New Training: Plan for Cross-VPC Network Traffic at AWS

In this 7-video skill, CBT Nuggets trainer Bart Castle explains the difference between using VPC Peering and the Transit Gateway for facilitating both cross-VPC and cross-region network traffic. Learn how to implement a site-to-site virtual private network (VPN) using the AWS Virtual Gateway, IPSec VPN tunnels, and a remote Linux (EC2-based) gateway. Watch this new AWS training.

Learn AWS with one of these courses:

• AWS Certified Security – Specialty

• AWS Certified SysOps Administrator – Associate

This training includes:

• 7 videos

• 45 minutes of training

You’ll learn these topics in this skill:

• Transit Gateway vs. VPC Peering

• VPC Endpoints and PrivateLink

• VPN to Transit Gateway: Overview

• VPN to Transit Gateway: Configuring VPN Attachment

• VPN to Transit Gateway: Configuring Linux VPN Gateway

• VPN to Transit Gateway: Routing Validation

• VPN to Transit Gateway: Connectivity Test

Transit Gateway vs VPC Peering: What the Difference?

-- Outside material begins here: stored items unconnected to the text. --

(* Let $\check p>0$, $\check\alpha>0$, $\gamma\ge0$. For all $x>0$ and $T>0$, \[ \tilde v(x,T)\le\bar v(x,T)\le\tilde v(x,T)+\mathbb E^x\big[\mathbf 1_{\{\theta\ge T\}}\big(e^{-rT}\gamma+e^{-r\theta}\check\alpha\big)\big]. \]
   Context: Let $X$ be a spectrally negative Lévy process (no positive jumps, not the negative of a subordinator, Lévy measure without atoms), $\mathbb P^x$ the law with $X_0=x$, $\mathbb E^x$ its expectation, $\mathbb F$ the filtration generated by $X$; $r>0$ fixed with $\log\mathbb E^0[e^{X_1}]=r$. Let $\theta:=\inf\{t\ge0:X_t\le0\}$ ($\inf\emptyset=\infty$, $e^{-r\infty}=0$). $\mathcal S$ is the set of $\mathbb F$-stopping times $\tau\le\theta$ a.s., and for $T>0$, $\mathcal S_T$ the set of $\mathbb F$-stopping times $\tau\le\theta\wedge T$ a.s. Define $v(x):=\sup_{\tau\in\mathcal S}\mathbb E^x\big[\mathbf 1_{\{\tau<\infty\}}\big(\int_\tau^\theta e^{-rt}\check p\,dt-e^{-r\tau}\gamma\mathbf 1_{\{\tau<\theta\}}-e^{-r\theta}\check\alpha\mathbf 1_{\{\tau<\theta\}}\big)\big]$, $\bar v(x,T):=\sup_{\tau\in\mathcal S_T}\mathbb E^x\big[\int_\tau^{\theta\wedge T}e^{-rt}\check p\,dt-e^{-r\tau}\gamma\mathbf 1_{\{\tau<\theta\wedge T\}}-e^{-r\theta}\check\alpha\mathbf 1_{\{\tau<\theta<T\}}\big]$, and $\tilde v(x,T):=v(x)-\mathbb E^x\big[\mathbf 1_{\{\theta\ge T\}}\int_T^\theta e^{-rt}\check p\,dt\big]$. *)

From HB Require Import structures.
From mathcomp Require Import all_boot all_order all_algebra.
From mathcomp Require Import all_classical all_reals all_analysis.
Set Implicit Arguments. Unset Strict Implicit. Unset Printing Implicit Defensive.
Import Order.TTheory GRing.Theory Num.Theory.
Import numFieldNormedType.Exports.
Local Open Scope classical_set_scope.
Local Open Scope ring_scope.

Section defs.
Context {R : realType} {d : measure_display} {Omega : measurableType d}.

Definition mutually_independent (P : probability Omega R) (n : nat)
    (Y : 'I_n -> Omega -> R) : Prop :=
  forall B : 'I_n -> set R, (forall i, measurable (B i)) ->
    P (\bigcap_(i in [set: 'I_n]) (Y i @^-1` B i)) =
    (\prod_(i < n) P (Y i @^-1` B i))%E.

Definition left_lim (X : R -> Omega -> R) (w : Omega) (t : R) : R :=
  lim ((X^~ w) @ t^'-).

Definition jump (X : R -> Omega -> R) (w : Omega) (t : R) : R :=
  X t w - left_lim X w t.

VPC peering establishes a network connection between two VPCs, enabling a user to route traffic between them via private IP addresses (either IPv4 or IPv6). Once a connection is established, instances on either side can communicate with the other as if they were within the same network.

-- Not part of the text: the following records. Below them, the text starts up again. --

Lemma partial_prod_exp (beta : nat -> R) (t : R) (N : nat) : (forall n, beta n <> 0) ->
  partial_prod beta t (S N) = exp (sum_f_R0 (fun k => log_factor (beta k) t) N).
Proof.
  intro Hb. pose proof (fun k => lr_exp (log_repr_factor (beta k) (Hb k)) t) as Ef.
  induction N as [|N IH].
  - cbn [partial_prod sum_f_R0]. rewrite <- Ef. ring.
  - change (partial_prod beta t (S (S N)))
      with (partial_prod beta t (S N) * (1 + t ^ 2 / beta (S N) ^ 2)).
    rewrite IH, Ef. cbn [sum_f_R0]. rewrite exp_plus. reflexivity.
Qed.

Lemma partial_prod_even (beta : nat -> R) (t : R) (N : nat) :
  partial_prod beta (- t) N = partial_prod beta t N.
Proof.
  induction N as [|N IH]; cbn [partial_prod]; [reflexivity|].
  rewrite IH. do 3 f_equal. ring.
Qed.

Lemma log_sum_deriv (beta : nat -> R) (N : nat) (t : R) : (forall n, beta n <> 0) ->
  derivable_pt_lim (fun x => sum_f_R0 (fun k => log_factor (beta k) x) N) t
    (SP (fun n x => dlog_factor (beta n) x) N t).
Proof.
  intro Hb. induction N as [|N IH]; cbn [SP sum_f_R0].
  - apply log_factor_deriv, Hb.
  - apply derivable_pt_lim_plus; [exact IH | apply log_factor_deriv, Hb].
Qed.

Lemma Un_cv_const (c : R) : Un_cv (fun _ => c) c.
Proof. intros e He. exists 0%nat. intros. unfold Rdist. rewrite Rminus_diag, Rabs_R0. exact He. Qed.

Lemma dlog_series_normal (beta : nat -> R) (s0 : R) : (forall n, beta n <> 0) ->
  Un_cv (sum_f_R0 (fun n => / beta n ^ 2)) s0 -> CVN_R (fun n t => dlog_factor (beta n) t).
Proof.
  intros Hb Hs0 r. exists (fun n => 2 * r / beta n ^ 2), (2 * r * s0). split.
  - apply Un_cv_ext with (fun n => 2 * r * sum_f_R0 (fun k => / beta k ^ 2) n).
    + intro n. rewrite scal_sum. apply sum_eq. intros i _. pose proof (pow2_gt_0 _ (Hb i)).
      pose proof (cond_pos r). rewrite Rabs_right; [unfold Rdiv; ring|].
      apply Rle_ge, Rdiv_le_0_compat; lra.
    + apply CV_mult; [apply Un_cv_const | exact Hs0].
  - intros n y Hy. unfold Boule in Hy. rewrite Rminus_0_r in Hy.
    eapply Rle_trans; [apply (lr_bound (log_repr_factor _ (Hb n)))|].
    pose proof (pow2_gt_0 _ (Hb n)).
    replace (2 * r / beta n ^ 2) with (2 / beta n ^ 2 * r) by (unfold Rdiv; ring).
    apply Rmult_le_compat_l; [apply Rdiv_le_0_compat; lra | lra].
Qed.

Lemma dlog_partial_sum_bound (beta : nat -> R) (s0 t : R) (n : nat) : (forall n, beta n <> 0) ->
  Un_cv (sum_f_R0 (fun n => / beta n ^ 2)) s0 ->
  Rabs (SP (fun n x => dlog_factor (beta n) x) n t) <= 2 * s0 * Rabs t.
Proof.
  intros Hb Hs0.
  assert (Hinv : forall n, 0 <= / beta n ^ 2)
    by (intro k; apply Rlt_le, Rinv_0_lt_compat, pow2_gt_0, Hb).
  unfold SP. eapply Rle_trans; [apply sum_f_R0_triangle|].
  eapply Rle_trans; [apply (sum_Rle _ (fun k => / beta k ^ 2 * (2 * Rabs t)))|].
  { intros k _.
    replace (/ beta k ^ 2 * (2 * Rabs t)) with (2 / beta k ^ 2 * Rabs t) by (unfold Rdiv; ring).
    apply (lr_bound (log_repr_factor _ (Hb k))). }
  rewrite <- (scal_sum (fun k => / beta k ^ 2) n (2 * Rabs t)).
  pose proof (sum_incr _ n _ Hs0 Hinv). pose proof (Rabs_pos t).
  replace (2 * s0 * Rabs t) with (2 * Rabs t * s0) by ring. apply Rmult_le_compat_l; lra.
Qed.

Lemma log_sum_cv (beta : nat -> R) (p t : R) : (forall n, beta n <> 0) ->
  Un_cv (partial_prod beta t) p -> Un_cv (fun N => sum_f_R0 (fun k => log_factor (beta k) t) N) (ln p).
Proof.
  intros Hb HP.
  assert (P1 : 1 <= p).
  { apply (@Rle_cv_lim (fun _ => 1) (partial_prod beta t));
      [intro; apply partial_prod_ge1, Hb | apply Un_cv_const | apply HP]. }
  apply Un_cv_ext with (fun N => ln (partial_prod beta t (N + 1))).
  - intro N. rewrite Nat.add_1_r, partial_prod_exp, ln_exp by exact Hb. reflexivity.
  - apply (continuity_seq ln (fun N => partial_prod beta t (N + 1))).
    + apply derivable_continuous_pt. exists (/ p). apply derivable_pt_lim_ln. lra.
    + apply CV_shift', HP.
Qed.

While this is manageable at a low level, once connections need to be established at scale, the complexity of VPC peering noticeably increases, eventually to a prohibitive degree. Transit Gateway (TGW) was created to address this issue, making it an excellent default for many network architectures. However, unless these connections are consistently established at a significant scale, VPC has several advantages over TGW.

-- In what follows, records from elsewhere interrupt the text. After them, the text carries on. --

(* Conjugation by rho_j is an involution, so the cases a = j.+1 and b = j.+1 are the
   inverses of the cases a = j and b = j. *)
Lemma conj_xab j o a b : j < N -> a < b -> b <= N -> (a, b) != (j, j.+1) ->
  VB (R j ++ xab o a b ++ R j) (xab o (swap j a) (swap j b)).
Proof.
move=> lt_jN lt_ab le_bN /eqP not_adj.
have {}not_adj : ~ (a = j /\ b = j.+1) by case=> Ea Eb; apply: not_adj; rewrite Ea Eb.
have low b' : j.+1 < b' -> b' <= N -> VB (R j ++ xab o j b' ++ R j) (xab o j.+1 b').
  by move=> *; have := @conj_xab_low j o b' [::]; rewrite !cats0; apply.
have high a' : a' < j -> VB (R j ++ xab o a' j ++ R j) (xab o a' j.+1).
  by move=> *; have := @conj_xab_high j o a' [::]; rewrite !cats0; apply.
case: (eqVneq a j) => [Ea | a_j]; first subst a.
  rewrite swap_l swap_id; try (apply/eqP; lia); apply: low; lia.
case: (eqVneq a j.+1) => [Ea | a_j1]; first subst a.
  rewrite swap_r swap_id; try (apply/eqP; lia); apply: conj_rho_sym => //; apply: low; lia.
case: (eqVneq b j) => [Eb | b_j]; first subst b.
  rewrite swap_l swap_id //; apply: high; lia.
case: (eqVneq b j.+1) => [Eb | b_j1]; first subst b.
  rewrite swap_r swap_id //; apply: conj_rho_sym => //; apply: high; lia.
rewrite !swap_id //; apply: conj_xab_far => //.
by rewrite eq_sym a_j eq_sym b_j eq_sym a_j1 eq_sym b_j1.
Qed.

Lemma conj_xn j k l : j < N -> k < n -> l < n -> k != l ->
  VB (R j ++ xn k l ++ R j) (xn (swap j k) (swap j l)).
Proof.
move=> lt_jN lt_kn lt_ln kl.
have adj : VB (R j ++ xn j j.+1 ++ R j) (xn j.+1 j).
  by rewrite xn_succ xn_succ_rev; reflexivity.
case: (ltngtP k l) => [lt_kl | lt_lk | Ekl]; last by rewrite Ekl eqxx in kl.
- have [[Ek El] | not_adj] : k = j /\ l = j.+1 \/ ~ (k = j /\ l = j.+1) by lia.
    by subst; rewrite swap_l swap_r.
  rewrite xn_lt // xn_lt; last by swap_lia.
  by apply: conj_xab; try lia; apply/eqP => -[Ek El]; apply: not_adj.
- have [[El Ek] | not_adj] : l = j /\ k = j.+1 \/ ~ (l = j /\ k = j.+1) by lia.
    by subst; rewrite swap_l swap_r; apply: conj_rho_sym.
  rewrite xn_gt // xn_gt; last by swap_lia.
  by apply: conj_xab; try lia; apply/eqP => -[El Ek]; apply: not_adj.
Qed.

(** * The relations of H_n hold in VB_n *)

Lemma xn_swap_conj m k l : m < N -> k < n -> l < n -> k != l ->
  VB (xn k l) (R m ++ xn (swap m k) (swap m l) ++ R m).
Proof.
move=> lt_mN lt_kn lt_ln kl; symmetry.
have := @conj_xn m (swap m k) (swap m l); rewrite !swapK (inj_eq (@swap_inj m)).
by apply; rewrite // swap_ltn //; lia.
Qed.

First, VPC peering has a lower cost than TGW with small numbers of connections because users only pay for actual data transfer charges. These costs are automatically split between the VPC sender and receiver. Second, VPC peering has no bandwidth limits, while TGW has a maximum bandwidth burst limit of 60 Gbps per Availability Zone per VPC connection.

Transit Gateway also involves an additional hop between the sending and receiving VPCs, which can introduce additional latency. Finally, security groups referencing only works with VPC peering; it does not work with TGW.